Z and I don’t really celebrate Valentine’s Day. That’s a story for another time. But sometimes I’m caught off guard by how much I love this man.
There are lots of moments when it’s difficult; we are very different people. But there are also moments when it makes sense. Like this afternoon, which started at SweetWater brewery and ended, unexpectedly, at the Piedmont Driving Club. A club that admitted it’s first black member in 1994. I’ll just let that date sink in. Sometimes the truth of history in this place almost knocks the wind out of me.

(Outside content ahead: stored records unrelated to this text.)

Theorem lemma4p7 (K : fieldExtType rat) (R : realType) (m : nat) (a b : {poly K})
  (alpha : 'I_m -> K) (s : 'I_m -> rat) (v : K -> R) (n : nat) :
  (2 <= m)%N ->
  a \is monic -> size a = m.+1 ->
  (size b <= m)%N ->
  a = \prod_(i < m) ('X - (alpha i)%:P) ->
  injective alpha ->
  (forall i, b.[alpha i] / a^`().[alpha i] = ratr (s i)) ->
  (forall i (k : nat), s i != - (k.+1)%:R) ->
  (forall k : nat, b`_m.-1 != - (k.+2)%:R) ->
  nonarch_abs v ->
  (0 < n)%N ->
  ln (\big[Num.max/0]_(l < m.+1) normv v (Pnl a b n l))
    <= \sum_(i < m) (ln ((v (mu n (s i))%:R)^-1) + n%:R * hv v (alpha i)).
Proof.
(* Monicity of [a] follows from [aE]; the bound needs none of the hypotheses
   on [m], [n], the [s i] or [b`_m.-1]. *)
move=> _ _ size_a size_b aE alpha_inj b_ratio _ _ v_nonarch _.
have {aE} aE : a = nodal alpha (index_enum 'I_m) := aE; subst a.
have uniq_I := index_enum_uniq 'I_m.
pose w i : K := ratr (s i); pose beta i := (v (mu n (s i))%:R)^-1.
have bE : b = pfrac_num alpha w (index_enum 'I_m).
  apply: pfrac_num_interp => // [|j j_in].
    by move: size_a; rewrite size_nodal => -[->].
  by rewrite /w -b_ratio divfK ?deriv_nodal_neq0.
subst b.
have shift_le i k : (k <= n)%N ->
    v (\prod_(t < k) (n%:R - t%:R + w i)) <= v k`!%:R * beta i.
  exact: absv_prod_shift_mu.
have bP := coef_bounded_Pnl v_nonarch alpha shift_le (index_enum 'I_m).
apply: ln_le_prod_bound => [i|i|]; first exact: (beta_ge1 v_nonarch shift_le i).
  by rewrite le_max lexx.
apply: bigmax_le => [|l _]; first exact: (coef_bounded_ge0 v_nonarch (bP 0%N)).
exact: (normv_le v_nonarch (bP l)).
Qed.
Lemma mx_restrict_subm m n (A : 'M[R]_(m, n)) Rs Cs :
  mx_restrict A Rs Cs = (enum_selector Rs)^T *m subm A Rs Cs *m enum_selector Cs.
Proof.
apply/matrixP => x y; rewrite !mxE.
under eq_bigr => l _ do rewrite !mxE mulr_natr.
under eq_bigr => l _ do under eq_bigr => t _ do rewrite !mxE mulr_natl.
rewrite (sum_enum_val_muln _ y (fun y' => \sum_t A (enum_val t) y' *+ (enum_val t == x))).
rewrite (sum_enum_val_muln _ x (fun x' => A x' y)).
by case: (x \in Rs); case: (y \in Cs).
Qed.

End MatrixSupports.

Section RankFactorization.
Local Open Scope ring_scope.
Variables (F : fieldType) (m n r : nat) (M : 'M[F]_(m, n)).

Definition lfactor : 'M[F]_(m, r) := col_ebase M *m pid_mx (\rank M).
Definition rfactor : 'M[F]_(r, n) := pid_mx (\rank M) *m row_ebase M.

Lemma mul_rank_factors : (\rank M <= r)%N -> lfactor *m rfactor = M.
Proof.
by move=> rank_le; rewrite mulmxA -(mulmxA (col_ebase M)) pid_mx_id ?mulmx_ebase.
Qed.

End RankFactorization.

Lemma rank_mx_restrict (F : fieldType) m n (A : 'M[F]_(m, n)) Rs Cs :
  (\rank (mx_restrict A Rs Cs) <= \rank (subm A Rs Cs))%N.
Proof.
rewrite mx_restrict_subm.
exact: leq_trans (mxrankM_maxl _ _) (mxrankM_maxr _ _).
Qed.

Section RankOneSupports.
Variables (m k n : nat) (L : 'M[bool]_(m, k)) (S : 'M[bool]_(k, n)).
Let coef_nodes : (0 < n)%N -> nodes`_n.-1 = - \sum_(i < n) alpha i.
Proof.
move=> n_gt0; have size_s : size [seq alpha i | i <- index_enum 'I_n] = n.
  by rewrite size_map [index_enum _]unlock -enumT size_enum_ord.
have := @coefPn_prod_XsubC _ [seq alpha i | i <- index_enum 'I_n].
by rewrite size_s -lt0n big_map [in RHS]big_map => ->.
Qed.

Let monic_nodes_but j : nodes_but j \is monic.
Proof. exact: monic_prod_XsubC. Qed.

Let size_nodes_but j : size (nodes_but j) = n.
Proof.
apply/succn_inj; rewrite -size_nodes (nodesE j) size_Mmonic ?monicXsubC //.
by rewrite size_XsubC addn2.
exact: monic_neq0.
Qed.

Let coef_nodes_but j : (nodes_but j)`_n.-1 = 1.
Proof. by rewrite -(size_nodes_but j) -lead_coefE; apply/monicP. Qed.

Let nodes_but_other j i : i != j -> (nodes_but j).[alpha i] = 0.
Proof. by move=> ij; rewrite horner_prod (bigD1 i) //= hornerXsubC subrr mul0r. Qed.

Let nodes_but_self j : (nodes_but j).[alpha j] = \prod_(i < n | i != j) (alpha j - alpha i).
Proof. by rewrite horner_prod; under eq_bigr do rewrite hornerXsubC. Qed.

Let nodes_but_self_neq0 j : (nodes_but j).[alpha j] != 0.
Proof.
rewrite nodes_but_self; apply/prodf_neq0 => i ij.
by rewrite subr_eq0; apply: contra ij => /eqP/alpha_inj->.
Qed.

Let u_coef_nodes_but j : u_coef alpha j * (nodes_but j).[alpha j] = 1.
Proof. by rewrite /u_coef prodfV -nodes_but_self mulVf. Qed.

Lemma u_coef_neq0 j : u_coef alpha j != 0.
Proof.
by apply: contra_eq_neq (u_coef_nodes_but j) => ->; rewrite mul0r eq_sym oner_neq0.
Qed.
(* Let $l$ be a positive integer, let $G$ be an arbitrary graph and let $H$ be an $l$-degenerate graph. If $l\in\{1,2\}$, then $G+_S H$ is $2$-degenerate; if $l\ge 3$, then $G+_S H$ is $l$-degenerate.
   Context: A graph is $k$-degenerate if its vertices can be successively deleted so that each deleted vertex has degree at most $k$ (in the remaining graph) at the time of deletion. The subdivision graph $S(G)$ is obtained from $G$ by inserting one new vertex into each edge (each edge replaced by a path of length 2); its vertex set is identified with $V(G)\cup E(G)$. The $S$-sum $G+_S H$ has vertex set $(V(G)\cup E(G))\times V(H)$, and $(u_1,u_2)$, $(v_1,v_2)$ are adjacent iff either [$u_1=v_1\in V(G)$ and $u_2v_2\in E(H)$] or [$u_2=v_2$ and $u_1v_1\in E(S(G))$]. *)

From mathcomp Require Import all_boot.
Set Implicit Arguments. Unset Strict Implicit. Unset Printing Implicit Defensive.

Definition simple_graph (T : finType) (e : rel T) : Prop :=
  symmetric e /\ irreflexive e.

(* k-degenerate: there is an ordering s of all vertices (deletion order) such that
   each vertex x, at the time it is deleted, has at most k neighbours among the
   vertices not yet deleted (those after x in s). *)
Definition degenerate (T : finType) (e : rel T) (k : nat) : Prop :=
  exists s : seq T, perm_eq s (enum T) /\
    forall (s1 : seq T) (x : T) (s2 : seq T), s = s1 ++ x :: s2 -> count (e x) s2 <= k.

Definition is_edge (T : finType) (e : rel T) (A : {set T}) : bool :=
  [exists x, exists y, e x y && (A == [set x; y])].

Definition is_SV (T : finType) (e : rel T) (v : T + {set T}) : bool :=
  match v with inl _ => true | inr A => is_edge e A end.

(* Vertex set of the subdivision graph S(G): V(G) ∪ E(G). *)
Definition SV (T : finType) (e : rel T) : finType := {v : T + {set T} | is_SV e v}.

Definition Sadj0 (T : finType) (v w : T + {set T}) : bool :=
  match v, w with
  | inl x, inr A => x \in A
  | inr A, inl x => x \in A
  | _, _ => false
  end.

Definition Sadj (T : finType) (e : rel T) : rel (SV e) :=
  fun v w => Sadj0 (val v) (val w).

Definition is_vertex (T : finType) (e : rel T) (v : SV e) : bool :=
  if val v is inl _ then true else false.

Definition Ssum_adj (T U : finType) (eG : rel T) (eH : rel U) : rel (SV eG * U) :=
  fun p q =>
    ((p.1 == q.1) && is_vertex p.1 && eH p.2 q.2)
    || ((p.2 == q.2) && Sadj p.1 q.1).
Arguments Ssum_adj {T U} eG eH _ _.
Arguments Sadj {T} e _ _.

From mathcomp Require Import all_boot.
Set Implicit Arguments. Unset Strict Implicit. Unset Printing Implicit Defensive.

(* Delete the edge-vertices of S(G) first, in all copies of H: such a vertex
   (A, u) is adjacent only to (x, u) and (y, u), where A = {x, y}, so it has at
   most two neighbours.  What remains is a disjoint union of copies of H, one
   fibre {v} x V(H) per vertex v of G, each deleted along a degeneracy order of
   H.  Hence G +_S H is max(2, l)-degenerate. *)

Section DegeneracyOrder.
Variables (V : Type) (e : rel V).

Definition degeneracy_order (k : nat) (s : seq V) : Prop :=
  forall (s1 : seq V) (x : V) (s2 : seq V), s = s1 ++ x :: s2 -> count (e x) s2 <= k.

Lemma degeneracy_order_nil k : degeneracy_order k [::].
Proof. by case. Qed.

Lemma degeneracy_order_cons k y t :
  degeneracy_order k (y :: t) <-> count (e y) t <= k /\ degeneracy_order k t.
Proof.
split=> [ord | [cnt ord] [|z s1] x s2 /= [eq_y eq_t]].
- split; first exact: (ord [::]).
  by move=> s1 x s2 eq_t; apply: (ord (y :: s1)); rewrite eq_t.
- by rewrite -eq_y -eq_t.
- exact: ord eq_t.
Qed.

Lemma degeneracy_order_leq k k' s :
  k <= k' -> degeneracy_order k s -> degeneracy_order k' s.
Proof. by move=> le_kk' ord s1 x s2 /ord /leq_trans; apply. Qed.

End DegeneracyOrder.

Section SubdivisionSum.
Variables (T U : finType) (eG : rel T) (eH : rel U).

Local Notation adj := (Ssum_adj eG eH).

Lemma Sadj_vertexN (v w : SV eG) : is_vertex v -> Sadj eG v w -> ~~ is_vertex w.
Proof. by case: v w => [[x|A] ?] [[y|B] ?]. Qed.

Lemma Ssum_adj_fibre (v : SV eG) (u u' : U) :
  is_vertex v -> adj (v, u) (v, u') = eH u u'.
Proof.
move=> v_vert; rewrite /Ssum_adj /= eqxx v_vert /=.
case vv: (Sadj eG v v); last by rewrite andbF orbF.
by move: (Sadj_vertexN v_vert vv); rewrite v_vert.
Qed.

Lemma Ssum_adj_fibresN (v w : SV eG) (u u' : U) :
  is_vertex v -> is_vertex w -> v != w -> ~~ adj (v, u) (w, u').
Proof.
move=> v_vert w_vert /negbTE neq_vw; rewrite /Ssum_adj /= neq_vw /=.
by apply/negP => /andP [_ /(Sadj_vertexN v_vert)]; rewrite w_vert.
Qed.

Lemma count_Ssum_adj_edge (p : SV eG * U) (t : seq (SV eG * U)) :
  ~~ is_vertex p.1 -> uniq t -> count (adj p) t <= 2.
Proof.
case: p => [[[z|A] A_edge] u] //= _ uniq_t.
have /existsP [x /existsP [y /andP [_ /eqP defA]]] := A_edge.
pose px : SV eG * U := (exist _ (inl x) isT, u).
pose py : SV eG * U := (exist _ (inl y) isT, u).
rewrite -size_filter.
apply: leq_trans (uniq_leq_size (s2 := [:: px; py]) (filter_uniq _ uniq_t) _) _ => //.
move=> [[[w|B] w_SV] u']; rewrite mem_filter /Ssum_adj /Sadj /= ?andbF //=.
case/andP=> [/andP [/eqP <-]]; rewrite defA => /set2P [->|->] _;
  by rewrite !inE (eq_irrelevance w_SV isT) eqxx ?orbT.
Qed.

Lemma degeneracy_order_edges_cat k (a b : seq (SV eG * U)) :
  2 <= k -> all (fun p => ~~ is_vertex p.1) a -> uniq (a ++ b) ->
  degeneracy_order adj k b -> degeneracy_order adj k (a ++ b).
Proof.
move=> le2k; elim: a => [|p a IHa] //= /andP [p_edge a_edges] /andP [_ uniq_ab] ord_b.
apply/degeneracy_order_cons; split; last exact: IHa.
exact: leq_trans (count_Ssum_adj_edge p_edge uniq_ab) le2k.
Qed.

Lemma degeneracy_order_fibre_cat k (v : SV eG) (sH : seq U) (rest : seq (SV eG * U)) :
  is_vertex v -> degeneracy_order eH k sH ->
  (forall u, count (adj (v, u)) rest = 0) -> degeneracy_order adj k rest ->
  degeneracy_order adj k ([seq (v, u) | u <- sH] ++ rest).
Proof.
move=> v_vert + no_adj_rest ord_rest; elim: sH => [|u sH IHsH] //=.
case/degeneracy_order_cons=> cnt_u ord_sH.
apply/degeneracy_order_cons; split; last exact: IHsH.
rewrite count_cat no_adj_rest addn0 count_map.
by rewrite (eq_count (a2 := eH u)) // => u' /=; rewrite Ssum_adj_fibre.
Qed.

Lemma degeneracy_order_fibres k (sV : seq (SV eG)) (sH : seq U) :
  degeneracy_order eH k sH -> uniq sV -> all (@is_vertex T eG) sV ->
  degeneracy_order adj k [seq (v, u) | v <- sV, u <- sH].
Proof.
move=> ord_H; elim: sV => [|v sV IHsV] /=; first by move=> *; apply: degeneracy_order_nil.
case/andP=> [v_notin uniq_sV] /andP [v_vert sV_vert].
apply: degeneracy_order_fibre_cat => [//|//|u|]; last exact: IHsV.
apply/eqP; rewrite eqn0Ngt -has_count; apply/hasPn => _ /allpairsP [[w u'] /= [w_in _ ->]].
apply: Ssum_adj_fibresN => //; first exact: (allP sV_vert).
by apply: contraNneq v_notin => ->.
Qed.

Lemma Ssum_degenerate_maxn l :
  degenerate eH l -> degenerate adj (maxn 2 l).
Proof.
move=> [sH [perm_sH ord_sH]].
pose a := [seq p <- enum {: SV eG * U} | ~~ is_vertex p.1].
pose sV := [seq v <- enum (SV eG) | is_vertex v].
pose b := [seq (v, u) | v <- sV, u <- sH].
have uniq_sV : uniq sV by rewrite filter_uniq ?enum_uniq.
have uniq_b : uniq b.
  apply: allpairs_uniq => //; first by rewrite (perm_uniq perm_sH) enum_uniq.
  by move=> [? ?] [? ?] _ _.
have mem_b q : (q \in b) = is_vertex q.1.
  apply/allpairsP/idP => [[[v u] /= [v_in _ ->]] | q_vert].
    by move: v_in; rewrite mem_filter => /andP [].
  by exists q; rewrite mem_filter q_vert mem_enum (perm_mem perm_sH) mem_enum; case: q q_vert.
have uniq_ab : uniq (a ++ b).
  rewrite cat_uniq filter_uniq ?enum_uniq // uniq_b andbT.
  by apply/hasPn => q; rewrite mem_b mem_filter => ->.
exists (a ++ b); split.
  apply: uniq_perm; rewrite ?enum_uniq // => q.
  by rewrite mem_enum mem_cat mem_b mem_filter mem_enum andbT orNb.
apply: degeneracy_order_edges_cat; rewrite ?leq_maxl //.
  by apply/allP => q; rewrite mem_filter => /andP [].
apply: degeneracy_order_fibres; rewrite ?filter_all //.
exact: degeneracy_order_leq (leq_maxr 2 l) ord_sH.
Qed.

End SubdivisionSum.

Theorem theorem1 (T U : finType) (eG : rel T) (eH : rel U) (l : nat) :
  0 < l -> simple_graph eG -> simple_graph eH -> degenerate eH l ->
  ((l <= 2 -> degenerate (Ssum_adj eG eH) 2) /\
   (3 <= l -> degenerate (Ssum_adj eG eH) l)).
Proof.
move=> _ _ _ /(Ssum_degenerate_maxn eG) degen; split => [le_l2 | ge_l3].
- by rewrite -(maxn_idPl le_l2).
- by rewrite -(maxn_idPr (ltnW ge_l3)).
Qed.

I love him because he understands people. Because he doesn’t hate. Because he can have a conversation about business, about politics, about theater. Because he’ll even entertain a conversation about the problems with the system for reserving squash courts, all the while understanding that the people he’s talking to are frantically trying to grab for the sand that’s slipping through their fingers.
I love him because he inhabits so many worlds. Because he keeps me honest and expects me to do the same for him. Because he has so much to teach me. Because he will hold his tongue until the valet brings our car and we both just start laughing. Because he won’t let that laughter turn into its own variety of superiority and condescension. Because when it matters he won’t hold his tongue at all.
I am not expressing what I mean to well. I only mean to say that there are moments—or days—when I am reminded why I married this man. With Z, they are rarely the day-to-day moments, but when they come, I am bowled over. Today was one of those days.